Youtube video bloggers (Vloggers) around the world have started the conversations about how this dishonest practice affects their industry, pointing in particular the lack of protection they have in some social networks and sites. Specifically, Facebook has become one of the most criticized sites by the vloggers, given that the massive number of Facebook users represents the vlogger’s main opportunity loss.

Hank Green, American entrepreneur, blogger, and vlogger, famous for his YouTube channel “Vlog Brothers”, published a blog post where he accused Facebook of cheating, lying, and downright stealing video content. Facebook responded to this accusation arguing that they are committed to help people and organizations protect their intellectual property rights, but the company has not made any substantial changes to their video management platform to prevent freebooting.
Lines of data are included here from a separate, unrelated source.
Lemma tPsi_coercive : coercive_on T (@normv R NX) (tPsi S phi).
Proof.
move=> M; set c := mx_abs_sum A + 1.
have c0 : 0 < c by rewrite ltr_wpDl ?mx_abs_sum_ge0.
have cM0 : 0 <= c * (`|M| + 1) by apply: mulr_ge0; [exact: ltW | rewrite addr_ge0].
have [K [K0 lowK]] := conj_lower_bound cM0.
exists K => v Tv Kv; have [eJ _] := jdag_spec Tv.
set J := jdag S (conj phi) v in eJ *.
have vJ : normv v <= c * normv J.
  rewrite -eJ normvN; apply: le_trans (normv_mulmx _ _) _.
  by rewrite ler_wpM2r ?normv_ge0 // lerDl.
have := lowK J; have := ler_norm M; have := normr_ge0 M.
by rewrite ltr_pdivlMr ?(le_lt_trans K0) // /tPsi -/J; nra.
Qed.

Lemma tPsiN v : T v -> tPsi S phi (- v) = tPsi S phi v.
Proof.
suff le_tPsiN w : T w -> tPsi S phi (- w) <= tPsi S phi w.
  move=> Tv; apply/eqP; rewrite eq_le; apply/andP; split; first exact: le_tPsiN.
  by have := le_tPsiN _ (ImSN Tv); rewrite opprK.
move=> Tw; have [ew _] := jdag_spec Tw; have [_ wmin] := jdag_spec (ImSN Tw).
set J := jdag S (conj phi) w in ew *.
apply: le_trans (wmin (- J) _) _; first by rewrite -ew mulmxN.
by rewrite conjN.
Qed.

Lemma tPsi0 : tPsi S phi 0 = 0.
Proof.
have [_ min0] := jdag_spec (ImSZ 0 (ImS_dtPsistar 0)); rewrite scale0r in min0.
apply/eqP; rewrite eq_le conj_ge0 andbT -[X in _ <= X]conj0.
by apply: min0; rewrite mulmx0 oppr0.
Qed.

(* Compare with the representative [pinvmx S^T (S^T u)] of the class of [u]. *)
Lemma qnorm_le u : qnorm S u <= mx_abs_sum (pinvmx A^T) * normv (A^T *m u).
Proof.
apply: le_trans (normv_mulmx _ _); apply: ge_inf.
  by exists 0 => _ [k [_ ->]]; apply: normv_ge0.
exists (pinvmx A^T *m (A^T *m u) - u); split; last by rewrite addrC subrK.
by rewrite mulmxBr (mulmxA A^T) (mulmxA (A^T *m _) A^T) mulmxKpV ?submx_refl // subrr.
Qed.

Lemma tPsistar_strictly_convex : strictly_convex_mod setT (equivT S) (tPsistar S phi).
Proof.
move=> a b _ _ ab t t01; rewrite /tPsistar.
have -> : mSt (t *: a + (1 - t) *: b) = t *: mSt a + (1 - t) *: mSt b.
  by rewrite mulmxDr -!scalemxAr; vec_ring.
by apply: phi_sconvex => // ab'; apply/ab/oppr_inj.
Qed.

Lemma tPsistar_coercive : coercive_on setT (qnorm S) (tPsistar S phi).
Proof.
move=> M; set c := mx_abs_sum (pinvmx A^T) + 1.
have c0 : 0 < c by rewrite ltr_wpDl ?mx_abs_sum_ge0.
have [r rphi] := phi_coercive (c * `|M|).
have r'0 : 0 <= Num.max r 0 by rewrite le_max lexx orbT.
exists (c * Num.max r 0) => u _ ru.
set q := qnorm S u in ru *; set N := normv (mSt u).
have qN : q <= c * N.
  apply: le_trans (qnorm_le u) _; rewrite -normvN ler_wpM2r ?normv_ge0 //.
  by rewrite lerDl.
have q0 : 0 < q := le_lt_trans (mulr_ge0 (ltW c0) r'0) ru.
have : Num.max r 0 < N by rewrite -(ltr_pM2l c0); lra.
rewrite gt_max => /andP[rN N0].
have := rphi _ I rN; rewrite ltr_pdivlMr // -/N => phiN'.
have := ler_norm M; have := normr_ge0 M.
by rewrite ltr_pdivlMr // /tPsistar; nra.
Qed.

Lemma tPsistarN u : tPsistar S phi (- u) = tPsistar S phi u.
Proof. by rewrite /tPsistar mulmxN opprK -[RHS]phiN opprK. Qed.

Lemma tPsistar0 : tPsistar S phi 0 = 0.
Proof. by rewrite /tPsistar mulmx0 oppr0 phi0. Qed.

End Reduction.
End Dissipation.

Theorem mainTheorem8 (R : realType) (NX Ne : nat) (S : 'M[int]_(NX, Ne))
  (Psistar : 'cV[R]_NX -> 'cV[R]_Ne -> R)
  (gradPsistar : 'cV[R]_NX -> 'cV[R]_Ne -> 'cV[R]_Ne)
  (Hdiss : forall x : 'cV[R]_NX, (forall i, 0 < x i 0) -> dissipation (Psistar x))
  (Hgrad : forall x : 'cV[R]_NX, (forall i, 0 < x i 0) ->
     forall f, is_gradient (Psistar x) f (gradPsistar x f))
  (x : 'cV[R]_NX) (Hx : forall i, 0 < x i 0) :
  let T := @ImS R _ _ S in
  let Psi := conj (Psistar x) in
  let tP := tPsi S (Psistar x) in
  let tPs := tPsistar S (Psistar x) in
  let dtPs := dtPsistar S (gradPsistar x) in
  let dtP := is_dtPsi S (Psistar x) in
  (* j^dagger(x,v) is well defined: unique minimizer *)
      (forall v, T v -> exists j, is_jdag S Psi v j /\
          forall j', is_jdag S Psi v j' -> j' = j) /\
      (* tilde Psi_x (v) = max_u [<v,u> - tilde Psi*_x (u)] *)
      (forall v, T v ->
          (exists u, tP v = dotv v u - tPs u) /\
          (forall u, dotv v u - tPs u <= tP v)) /\
      (* tilde Psi*_x (u) = max_{v in T} [<v,u> - tilde Psi_x (v)] *)
      (forall u,
          (exists v, T v /\ tPs u = dotv v u - tP v) /\
          (forall v, T v -> dotv v u - tP v <= tPs u)) /\
      (* Legendre transformations: well defined, gradients, mutually inverse *)
      ([/\ (forall v, T v -> exists u, dtP v u),
          (forall v u u', T v -> dtP v u -> dtP v u' -> equivT S u u'),
          (forall v u, T v -> dtP v u -> is_gradient_on T tP v u)
        & (forall u, T (dtPs u) /\ is_gradient tPs u (dtPs u))] /\
       (forall v u, T v -> dtP v u -> dtPs u = v)
         /\ (forall u, dtP (dtPs u) u)) /\
      (* tilde Psi_x is a dissipation function on T *)
      [/\ strictly_convex_mod T (@eq _) tP,
          coercive_on T (@normv R NX) tP,
          (forall v, T v -> tP (- v) = tP v)
        & tP 0 = 0] /\ (* tilde Psi*_x is a dissipation function on R^NX / Ker S^T *)
      [/\ strictly_convex_mod setT (equivT S) tPs,
          coercive_on setT (qnorm S) tPs,
          (forall u, tPs (- u) = tPs u)
        & tPs 0 = 0].
Proof.
move=> T Psi tP tPs dtPs dtP.
have [Hsc _ Hcoer Hev H0] := Hdiss x Hx; have Hg := Hgrad x Hx.
split; first by move=> v; apply: jdag_unique.
split; first by move=> v; apply: tPsi_conj.
split; first by move=> u; apply: tPsistar_conj.
split.
  split; [split | split].
  - by move=> v; apply: is_dtPsi_exists.
  - by move=> v u u' _; apply: is_dtPsi_equivT.
  - by move=> v u; apply: is_dtPsi_gradient.
  - by move=> u; split; [apply: ImS_dtPsistar | apply: dtPsistar_gradient].
  - by move=> v u; apply: dtPsistar_is_dtPsi.
  - by move=> u; apply: is_dtPsi_dtPsistar.
split; split.
- exact: tPsi_strictly_convex.
- exact: tPsi_coercive.
- by move=> v; apply: tPsiN.
- exact: tPsi0.
- exact: tPsistar_strictly_convex.
- exact: tPsistar_coercive.
- exact: tPsistarN.
- exact: tPsistar0.
Qed.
What can you do to prevent it?

If you want to promote an artist, a creator, or a vlogger; you need to provide the URL to the source material allowing users to directly access to the original media site. You can also help by reporting those videos that are being freebooted on social media and other sources. These solutions are free and take only a few clicks. It comes back to the average user to make the internet a better place.